[Stored records]
******

(* Let $a_0,a_1,a_2,a_3\in\mathbb{R}$ and consider the monic binary quartic form $$f(x,y)=x^4+a_3x^3y+a_2x^2y^2+a_1xy^3+a_0y^4 .$$ Let $$b_0=\tfrac14\,(-a_1^2+a_1a_2a_3-a_0a_3^2),\quad b_1=\tfrac14\,(4a_0-a_2^2-a_1a_3),\quad b_2=\tfrac{a_2}{2},\quad \lambda_0=\frac{4b_2+2\sqrt{3b_1+4b_2^2}}{3}.$$ Then $f$ is positive semi-definite if and only if $\lambda_0$ is real and $$\lambda_0\ge \frac{a_3^2}{4},\qquad -\tfrac14\lambda_0^3+b_2\lambda_0^2+b_1\lambda_0+b_0\ge 0 .$$ Moreover, $f$ is positive definite if and only if $\lambda_0$ is real and $$\lambda_0> \frac{a_3^2}{4},\qquad -\tfrac14\lambda_0^3+b_2\lambda_0^2+b_1\lambda_0+b_0> 0 .$$
   Context: A binary form $f(x,y)$ with real coefficients is positive definite (resp. positive semi-definite) if $f(x,y)>0$ (resp. $f(x,y)\ge 0$) for all real $x,y$ not both zero. The quantity $\lambda_0$ is real exactly when $3b_1+4b_2^2\ge 0$. *)

From Stdlib Require Import Reals.
Open Scope R_scope.

Definition quartic (a0 a1 a2 a3 x y : R) : R :=
  x^4 + a3 * x^3 * y + a2 * x^2 * y^2 + a1 * x * y^3 + a0 * y^4.

Definition psd_form (f : R -> R -> R) : Prop :=
  forall x y : R, ~ (x = 0 /\ y = 0) -> 0 <= f x y.

Definition pd_form (f : R -> R -> R) : Prop :=
  forall x y : R, ~ (x = 0 /\ y = 0) -> 0 < f x y.

Definition b0 (a0 a1 a2 a3 : R) : R := / 4 * (- a1^2 + a1 * a2 * a3 - a0 * a3^2).
Definition b1 (a0 a1 a2 a3 : R) : R := / 4 * (4 * a0 - a2^2 - a1 * a3).
Definition b2 (a2 : R) : R := a2 / 2.

(* discriminant-like quantity under the square root; lambda0 is real iff it is >= 0 *)
Definition lam_rad (a0 a1 a2 a3 : R) : R := 3 * b1 a0 a1 a2 a3 + 4 * (b2 a2)^2.

(* lambda0, meaningful when lam_rad >= 0 (sqrt is the real square root) *)
Definition lambda0 (a0 a1 a2 a3 : R) : R :=
  (4 * b2 a2 + 2 * sqrt (lam_rad a0 a1 a2 a3)) / 3.

Definition cubic_val (a0 a1 a2 a3 l : R) : R :=
  - / 4 * l^3 + b2 a2 * l^2 + b1 a0 a1 a2 a3 * l + b0 a0 a1 a2 a3.

From Stdlib Require Import Reals Lra.
From Coquelicot Require Import Coquelicot.
Open Scope R_scope.

(* For every l, f = (x^2 + a3/2 xy + (a2-l)/2 y^2)^2 + y^2 Q_l(x,y), where the
   binary quadratic form Q_l has leading coefficient l - a3^2/4 and
   discriminant -4 cubic_val l.  So the inequalities at lambda0 make Q_lambda0
   positive (semi-)definite, and with it f.
   Conversely, let x0 minimise f(x,1) and m = f(x0,1).  Then
   f(x,1) = m + (x-x0)^2 ((x+p)^2 + W) for some p and W >= 0.  In these
   parameters, with T = (x0+p)^2 + W and r = sqrt(3 b1 + 4 b2^2), we have
   r^2 = T^2/4 + 3m,  lambda0 - a3^2/4 = W + (2r - T)/3  and
   4 cubic_val lambda0 = 4 W m + ((2r - T)/3)^2 (4r + T)/3.
   These are nonnegative when m >= 0, and positive when m > 0. *)

Lemma quadratic_form_psd A B C :
  0 <= A -> 0 <= C -> B^2 <= 4*A*C -> psd_form (fun x y => A*x^2 + B*x*y + C*y^2).
Proof.
  intros HA HC Hdisc x y _.
  assert (HxA : 4*A*(A*x^2 + B*x*y + C*y^2) = (2*A*x + B*y)^2 + (4*A*C - B^2)*y^2) by ring.
  assert (HxC : 4*C*(A*x^2 + B*x*y + C*y^2) = (2*C*y + B*x)^2 + (4*A*C - B^2)*x^2) by ring.
  pose proof (pow2_ge_0 x). pose proof (pow2_ge_0 y).
  pose proof (pow2_ge_0 (2*A*x + B*y)). pose proof (pow2_ge_0 (2*C*y + B*x)).
  destruct (Rle_lt_or_eq_dec 0 A HA) as [HA'|<-].
  - apply (Rmult_le_reg_l (4*A)); nra.
  - destruct (Rle_lt_or_eq_dec 0 C HC) as [HC'|<-].
    + apply (Rmult_le_reg_l (4*C)); nra.
    + assert (B = 0) by nra. subst. lra.
Qed.

Lemma quadratic_form_pd A B C :
  0 < A -> B^2 < 4*A*C -> pd_form (fun x y => A*x^2 + B*x*y + C*y^2).
Proof.
  intros HA Hdisc x y Hxy.
  assert (HxA : 4*A*(A*x^2 + B*x*y + C*y^2) = (2*A*x + B*y)^2 + (4*A*C - B^2)*y^2) by ring.
  destruct (Req_dec y 0) as [->|Hy].
  - assert (x <> 0) by tauto. assert (0 < x^2) by (apply pow2_gt_0; auto). nra.
  - assert (0 < y^2) by (apply pow2_gt_0; auto).
    pose proof (pow2_ge_0 (2*A*x + B*y)).
    apply (Rmult_lt_reg_l (4*A)); nra.
Qed.

Lemma neg_abs_mul_le a y : - (Rabs a * Rabs y) <= a * y.
Proof. rewrite <- Rabs_mult, <- (Rabs_Ropp (a*y)). pose proof (Rle_abs (-(a*y))). lra. Qed.

Lemma quartic_ge_const_far a0 a1 a2 a3 x :
  1 + Rabs a3 + Rabs a2 + Rabs a1 <= Rabs x -> a0 <= quartic a0 a1 a2 a3 x 1.
Proof.
  intro Hx. unfold quartic.
  pose proof (neg_abs_mul_le a3 x). pose proof (neg_abs_mul_le a1 x).
  pose proof (Rabs_maj2 a2). pose proof (pow2_abs x).
  pose proof (Rabs_pos a3). pose proof (Rabs_pos a2). pose proof (Rabs_pos a1).
  set (t := Rabs x) in *.
  assert (Hsq : t^2 - Rabs a3 * t - Rabs a2 >= Rabs a1).
  { assert (t * (t - Rabs a3) >= 1 * (1 + Rabs a2 + Rabs a1))
      by (apply Rle_ge, Rmult_le_compat; lra).
    lra. }
  assert (Hin : x^2 + a3*x + a2 >= Rabs a1) by lra.
  assert (t <= x^2) by nra.
  assert (t * Rabs a1 <= x^2 * (x^2 + a3*x + a2)) by (apply Rmult_le_compat; lra).
  replace (x^4 + a3*x^3*1 + a2*x^2*1^2 + a1*x*1^3 + a0*1^4)
    with (x^2 * (x^2 + a3*x + a2) + a1*x + a0) by ring.
  lra.
Qed.

Section Resolvent.

Variables a0 a1 a2 a3 : R.

Definition rem_lead (l : R) : R := l - a3^2/4.
Definition rem_mid (l : R) : R := a1 - a3*(a2 - l)/2.
Definition rem_tail (l : R) : R := a0 - (a2 - l)^2/4.

Lemma quartic_eq_square_add_rem l x y :
  quartic a0 a1 a2 a3 x y =
  (x^2 + a3/2*x*y + (a2 - l)/2*y^2)^2 +
  y^2 * (rem_lead l * x^2 + rem_mid l * x * y + rem_tail l * y^2).
Proof. unfold quartic, rem_lead, rem_mid, rem_tail; field. Qed.

Lemma cubic_val_eq_rem_disc l :
  4 * cubic_val a0 a1 a2 a3 l = 4 * rem_lead l * rem_tail l - rem_mid l ^ 2.
Proof. unfold cubic_val, b0, b1, b2, rem_lead, rem_mid, rem_tail; field. Qed.

Lemma lambda0_critical : 0 <= lam_rad a0 a1 a2 a3 ->
  3 * lambda0 a0 a1 a2 a3 ^ 2 = 8 * b2 a2 * lambda0 a0 a1 a2 a3 + 4 * b1 a0 a1 a2 a3.
Proof.
  intro Hrad. pose proof (sqrt_sqrt _ Hrad) as Hsq.
  unfold lambda0. set (r := sqrt (lam_rad a0 a1 a2 a3)) in *.
  unfold lam_rad in Hsq. nra.
Qed.

Lemma rem_tail_lambda0_degenerate : 0 <= lam_rad a0 a1 a2 a3 ->
  rem_lead (lambda0 a0 a1 a2 a3) = 0 -> rem_mid (lambda0 a0 a1 a2 a3) = 0 ->
  rem_tail (lambda0 a0 a1 a2 a3) = 0.
Proof.
  intros Hrad.
  pose proof (lambda0_critical Hrad).
  set (l := lambda0 a0 a1 a2 a3) in *.
  (* The l-derivative of [cubic_val_eq_rem_disc]; lambda0 is a critical point of cubic_val. *)
  assert (4 * rem_tail l + 2 * rem_lead l * (a2 - l) - rem_mid l * a3
          = 8 * b2 a2 * l + 4 * b1 a0 a1 a2 a3 - 3 * l^2)
    by (unfold rem_lead, rem_mid, rem_tail, b1, b2; field).
  intros Hlead Hmid. rewrite Hlead, Hmid in *. lra.
Qed.

Lemma psd_of_cubic_criteria : 0 <= lam_rad a0 a1 a2 a3 ->
  a3^2/4 <= lambda0 a0 a1 a2 a3 -> 0 <= cubic_val a0 a1 a2 a3 (lambda0 a0 a1 a2 a3) ->
  psd_form (quartic a0 a1 a2 a3).
Proof.
  intros Hrad Hlam Hcub x y Hxy.
  pose proof (cubic_val_eq_rem_disc (lambda0 a0 a1 a2 a3)) as Hdisc.
  pose proof (rem_tail_lambda0_degenerate Hrad) as Hdeg.
  rewrite (quartic_eq_square_add_rem (lambda0 a0 a1 a2 a3)).
  set (l := lambda0 a0 a1 a2 a3) in *.
  assert (HA : 0 <= rem_lead l) by (unfold rem_lead; lra).
  assert (HC : 0 <= rem_tail l).
  { destruct (Rle_lt_or_eq_dec _ _ HA) as [HA'|HA0].
    - pose proof (pow2_ge_0 (rem_mid l)).
      destruct (Rle_or_lt 0 (rem_tail l)) as [|Hneg]; [assumption|].
      pose proof (Rmult_pos_neg _ _ HA' Hneg). lra.
    - assert (Hmid : rem_mid l = 0) by nra. rewrite (Hdeg (eq_sym HA0) Hmid). lra. }
  pose proof (quadratic_form_psd _ (rem_mid l) _ HA HC ltac:(lra) x y Hxy).
  pose proof (pow2_ge_0 y).
  pose proof (pow2_ge_0 (x^2 + a3/2*x*y + (a2 - l)/2*y^2)).
  cbv beta in *. nra.
Qed.

Lemma pd_of_cubic_criteria : 0 <= lam_rad a0 a1 a2 a3 ->
  a3^2/4 < lambda0 a0 a1 a2 a3 -> 0 < cubic_val a0 a1 a2 a3 (lambda0 a0 a1 a2 a3) ->
  pd_form (quartic a0 a1 a2 a3).
Proof.
  intros Hrad Hlam Hcub x y Hxy.
  pose proof (cubic_val_eq_rem_disc (lambda0 a0 a1 a2 a3)) as Hdisc.
  rewrite (quartic_eq_square_add_rem (lambda0 a0 a1 a2 a3)).
  set (l := lambda0 a0 a1 a2 a3) in *.
  assert (HA : 0 < rem_lead l) by (unfold rem_lead; lra).
  pose proof (pow2_ge_0 (x^2 + a3/2*x*y + (a2 - l)/2*y^2)).
  destruct (Req_dec y 0) as [->|Hy].
  - assert (Hx : x <> 0) by tauto. pose proof (pow2_gt_0 x Hx).
    replace (x^2 + a3/2*x*0 + (a2 - l)/2*0^2) with (x^2) by ring. nra.
  - pose proof (quadratic_form_pd _ (rem_mid l) (rem_tail l) HA ltac:(lra) x y Hxy).
    pose proof (pow2_gt_0 y Hy).
    cbv beta in *. nra.
Qed.

End Resolvent.

Lemma quartic_has_min a0 a1 a2 a3 :
  exists x0, forall x, quartic a0 a1 a2 a3 x0 1 <= quartic a0 a1 a2 a3 x 1.
Proof.
  set (M := 1 + Rabs a3 + Rabs a2 + Rabs a1).
  assert (HM : 0 <= M)
    by (unfold M; pose proof (Rabs_pos a3); pose proof (Rabs_pos a2); pose proof (Rabs_pos a1); lra).
  assert (Hcont : forall c, continuity_pt (fun x => quartic a0 a1 a2 a3 x 1) c)
    by (intro c; unfold quartic; reg).
  destruct (continuity_ab_min (fun x => quartic a0 a1 a2 a3 x 1) (-M) M ltac:(lra)
              (fun c _ => Hcont c)) as [x0 [Hmin _]].
  exists x0. intro x.
  destruct (Rle_or_lt (Rabs x) M) as [Hx|Hx].
  - apply Hmin. pose proof (Rabs_maj2 x). pose proof (Rle_abs x). lra.
  - assert (quartic a0 a1 a2 a3 0 1 = a0) by (unfold quartic; ring).
    pose proof (Hmin 0 ltac:(lra)).
    pose proof (quartic_ge_const_far a0 a1 a2 a3 x ltac:(unfold M in Hx; lra)).
    lra.
Qed.

Lemma quartic_derivative_at_min a0 a1 a2 a3 x0 :
  (forall x, quartic a0 a1 a2 a3 x0 1 <= quartic a0 a1 a2 a3 x 1) ->
  4*x0^3 + 3*a3*x0^2 + 2*a2*x0 + a1 = 0.
Proof.
  intro Hmin.
  set (f := fun x => quartic a0 a1 a2 a3 x 1).
  assert (Hder : is_derive f x0 (4*x0^3 + 3*a3*x0^2 + 2*a2*x0 + a1))
    by (unfold f, quartic; auto_derive; [auto | ring]).
  apply is_derive_Reals in Hder.
  exact (deriv_minimum f (x0 - 1) (x0 + 1) x0 (exist _ _ Hder) ltac:(lra) ltac:(lra)
           (fun x _ _ => Hmin x)).
Qed.

Lemma nonneg_of_factored_nonneg x0 p W :
  (forall x, 0 <= (x - x0)^2 * ((x + p)^2 + W)) -> 0 <= W.
Proof.
  intro Hnonneg.
  destruct (Rle_or_lt 0 W) as [|HW]; [assumption | exfalso].
  set (s := sqrt (- W) / 2).
  assert (Hs : 0 < s) by (apply Rdiv_lt_0_compat; [apply sqrt_lt_R0|]; lra).
  assert (Hs2 : s^2 = - W / 4)
    by (unfold s; replace ((sqrt (- W) / 2)^2) with (sqrt (- W) ^ 2 / 4) by field;
        rewrite pow2_sqrt by lra; field).
  assert (Hneg : forall x, x <> x0 -> (x + p)^2 = s^2 -> False).
  { intros x Hx Hxp. pose proof (Hnonneg x) as Hx0.
    assert (0 < (x - x0)^2) by (apply pow2_gt_0; lra).
    rewrite Hxp in Hx0. nra. }
  destruct (Req_dec x0 (s - p)) as [->|Hx0].
  - apply (Hneg (- s - p)); [lra | ring].
  - apply (Hneg (s - p)); [auto | ring].
Qed.

Lemma quartic_shifted_factorization x0 p W m x :
  quartic (x0^2*p^2 + x0^2*W + m) (2*x0^2*p - 2*x0*p^2 - 2*x0*W)
          (x0^2 - 4*x0*p + p^2 + W) (2*p - 2*x0) x 1
  = m + (x - x0)^2 * ((x + p)^2 + W).
Proof. unfold quartic; ring. Qed.

Lemma quartic_min_factorization a0 a1 a2 a3 : exists x0 p W,
  0 <= W /\ a3 = 2*p - 2*x0 /\ a2 = x0^2 - 4*x0*p + p^2 + W /\
  a1 = 2*x0^2*p - 2*x0*p^2 - 2*x0*W /\
  a0 = x0^2*p^2 + x0^2*W + quartic a0 a1 a2 a3 x0 1.
Proof.
  destruct (quartic_has_min a0 a1 a2 a3) as [x0 Hmin].
  pose proof (quartic_derivative_at_min a0 a1 a2 a3 x0 Hmin) as Hcrit.
  set (m := quartic a0 a1 a2 a3 x0 1) in *.
  assert (Hm : m = quartic a0 a1 a2 a3 x0 1) by reflexivity. clearbody m.
  set (p := (a3 + 2*x0)/2). set (W := a2 - x0^2 + 4*x0*p - p^2).
  assert (e3 : a3 = 2*p - 2*x0) by (unfold p; field).
  assert (e2 : a2 = x0^2 - 4*x0*p + p^2 + W) by (unfold W; ring).
  assert (e1 : a1 = 2*x0^2*p - 2*x0*p^2 - 2*x0*W)
    by (replace a1 with (-(4*x0^3 + 3*a3*x0^2 + 2*a2*x0)) by lra; unfold W, p; field).
  assert (e0 : a0 = x0^2*p^2 + x0^2*W + m)
    by (rewrite Hm; unfold quartic; rewrite e1, e2, e3; ring).
  exists x0, p, W. rewrite <- Hm. repeat split; try assumption.
  clearbody p W. subst a0 a1 a2 a3.
  apply (nonneg_of_factored_nonneg x0 p W). intro x.
  pose proof (Hmin x) as Hx. rewrite !quartic_shifted_factorization in Hx. lra.
Qed.

Section Factored.

Variables a0 a1 a2 a3 x0 p W m : R.
Hypothesis HW : 0 <= W.
Hypothesis Hm_nonneg : 0 <= m.
Hypothesis e3 : a3 = 2*p - 2*x0.
Hypothesis e2 : a2 = x0^2 - 4*x0*p + p^2 + W.
Hypothesis e1 : a1 = 2*x0^2*p - 2*x0*p^2 - 2*x0*W.
Hypothesis e0 : a0 = x0^2*p^2 + x0^2*W + m.

Let T := (x0 + p)^2 + W.
Let r := sqrt (lam_rad a0 a1 a2 a3).

Lemma lam_rad_factored : lam_rad a0 a1 a2 a3 = T^2/4 + 3*m.
Proof. unfold lam_rad, b1, b2, T; subst; field. Qed.

Lemma lambda0_factored : lambda0 a0 a1 a2 a3 = a3^2/4 + W + (2*r - T)/3.
Proof. unfold lambda0, b2. fold r. rewrite e2, e3. unfold T. field. Qed.

Lemma r_sqr : r * r = T^2/4 + 3*m.
Proof.
  unfold r. rewrite lam_rad_factored, sqrt_sqrt; [reflexivity|].
  pose proof (pow2_ge_0 T). lra.
Qed.

Lemma cubic_val_lambda0_factored :
  4 * cubic_val a0 a1 a2 a3 (lambda0 a0 a1 a2 a3) = 4*W*m + ((2*r - T)/3)^2 * ((4*r + T)/3).
Proof.
  pose proof r_sqr as Hr.
  rewrite lambda0_factored. clearbody r.
  replace m with ((r*r - T^2/4)/3) in * by lra.
  unfold cubic_val, b0, b1, b2. subst. unfold T. field.
Qed.

Lemma T_nonneg : 0 <= T.
Proof. unfold T. pose proof (pow2_ge_0 (x0 + p)). lra. Qed.

Lemma half_T_le_r : T/2 <= r.
Proof.
  pose proof r_sqr. pose proof T_nonneg.
  assert (Hr : 0 <= r) by apply sqrt_pos.
  nra.
Qed.

Lemma half_T_lt_r : 0 < m -> T/2 < r.
Proof.
  intro Hm_pos. pose proof r_sqr. pose proof half_T_le_r. pose proof T_nonneg.
  nra.
Qed.

Lemma cubic_criteria_of_factored :
  0 <= lam_rad a0 a1 a2 a3 /\ a3^2/4 <= lambda0 a0 a1 a2 a3 /\
  0 <= cubic_val a0 a1 a2 a3 (lambda0 a0 a1 a2 a3).
Proof.
  pose proof half_T_le_r. pose proof cubic_val_lambda0_factored. pose proof T_nonneg.
  split; [rewrite lam_rad_factored; pose proof (pow2_ge_0 T); lra|].
  split; [rewrite lambda0_factored; lra|].
  assert (0 <= W * m) by (apply Rmult_le_pos; assumption).
  assert (0 <= ((2*r - T)/3)^2 * ((4*r + T)/3))
    by (apply Rmult_le_pos; [apply pow2_ge_0 | lra]).
  lra.
Qed.

Lemma strict_cubic_criteria_of_factored : 0 < m ->
  a3^2/4 < lambda0 a0 a1 a2 a3 /\ 0 < cubic_val a0 a1 a2 a3 (lambda0 a0 a1 a2 a3).
Proof.
  intro Hm_pos. pose proof (half_T_lt_r Hm_pos). pose proof cubic_val_lambda0_factored.
  pose proof T_nonneg.
  split; [rewrite lambda0_factored; lra|].
  assert (0 <= W * m) by (apply Rmult_le_pos; assumption).
  assert (0 < ((2*r - T)/3)^2 * ((4*r + T)/3))
    by (apply Rmult_lt_0_compat; [apply pow2_gt_0 | ]; lra).
  lra.
Qed.

End Factored.

Theorem theorem2 (a0 a1 a2 a3 : R) :
  (psd_form (quartic a0 a1 a2 a3) <->
     (0 <= lam_rad a0 a1 a2 a3 /\
      a3^2 / 4 <= lambda0 a0 a1 a2 a3 /\
      0 <= cubic_val a0 a1 a2 a3 (lambda0 a0 a1 a2 a3))) /\
  (pd_form (quartic a0 a1 a2 a3) <->
     (0 <= lam_rad a0 a1 a2 a3 /\
      a3^2 / 4 < lambda0 a0 a1 a2 a3 /\
      0 < cubic_val a0 a1 a2 a3 (lambda0 a0 a1 a2 a3))).
Proof.
  destruct (quartic_min_factorization a0 a1 a2 a3) as (x0 & p & W & HW & e3 & e2 & e1 & e0).
  set (m := quartic a0 a1 a2 a3 x0 1) in e0.
  assert (Hnz : ~ (x0 = 0 /\ 1 = 0)) by lra.
  split; split.
  - intro Hpsd.
    exact (cubic_criteria_of_factored a0 a1 a2 a3 x0 p W m HW (Hpsd _ _ Hnz) e3 e2 e1 e0).
  - intros (Hrad & Hlam & Hcub). exact (psd_of_cubic_criteria a0 a1 a2 a3 Hrad Hlam Hcub).
  - intro Hpd. pose proof (Hpd _ _ Hnz) as Hm. pose proof (Rlt_le _ _ Hm) as Hm'.
    destruct (cubic_criteria_of_factored a0 a1 a2 a3 x0 p W m HW Hm' e3 e2 e1 e0)
      as (Hrad & _).
    destruct (strict_cubic_criteria_of_factored a0 a1 a2 a3 x0 p W m HW Hm' e3 e2 e1 e0 Hm)
      as (Hlam & Hcub).
    auto.
  - intros (Hrad & Hlam & Hcub). exact (pd_of_cubic_criteria a0 a1 a2 a3 Hrad Hlam Hcub).
Qed.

******

■ **WHAT TO WORK ON**: Among the lines above, please find those with "Hdisc" and copy them.

■ **SOLUTION TO THIS TASK**:
  intros HA HC Hdisc x y _.
  intros HA Hdisc x y Hxy.
  pose proof (cubic_val_eq_rem_disc (lambda0 a0 a1 a2 a3)) as Hdisc.
  pose proof (cubic_val_eq_rem_disc (lambda0 a0 a1 a2 a3)) as Hdisc.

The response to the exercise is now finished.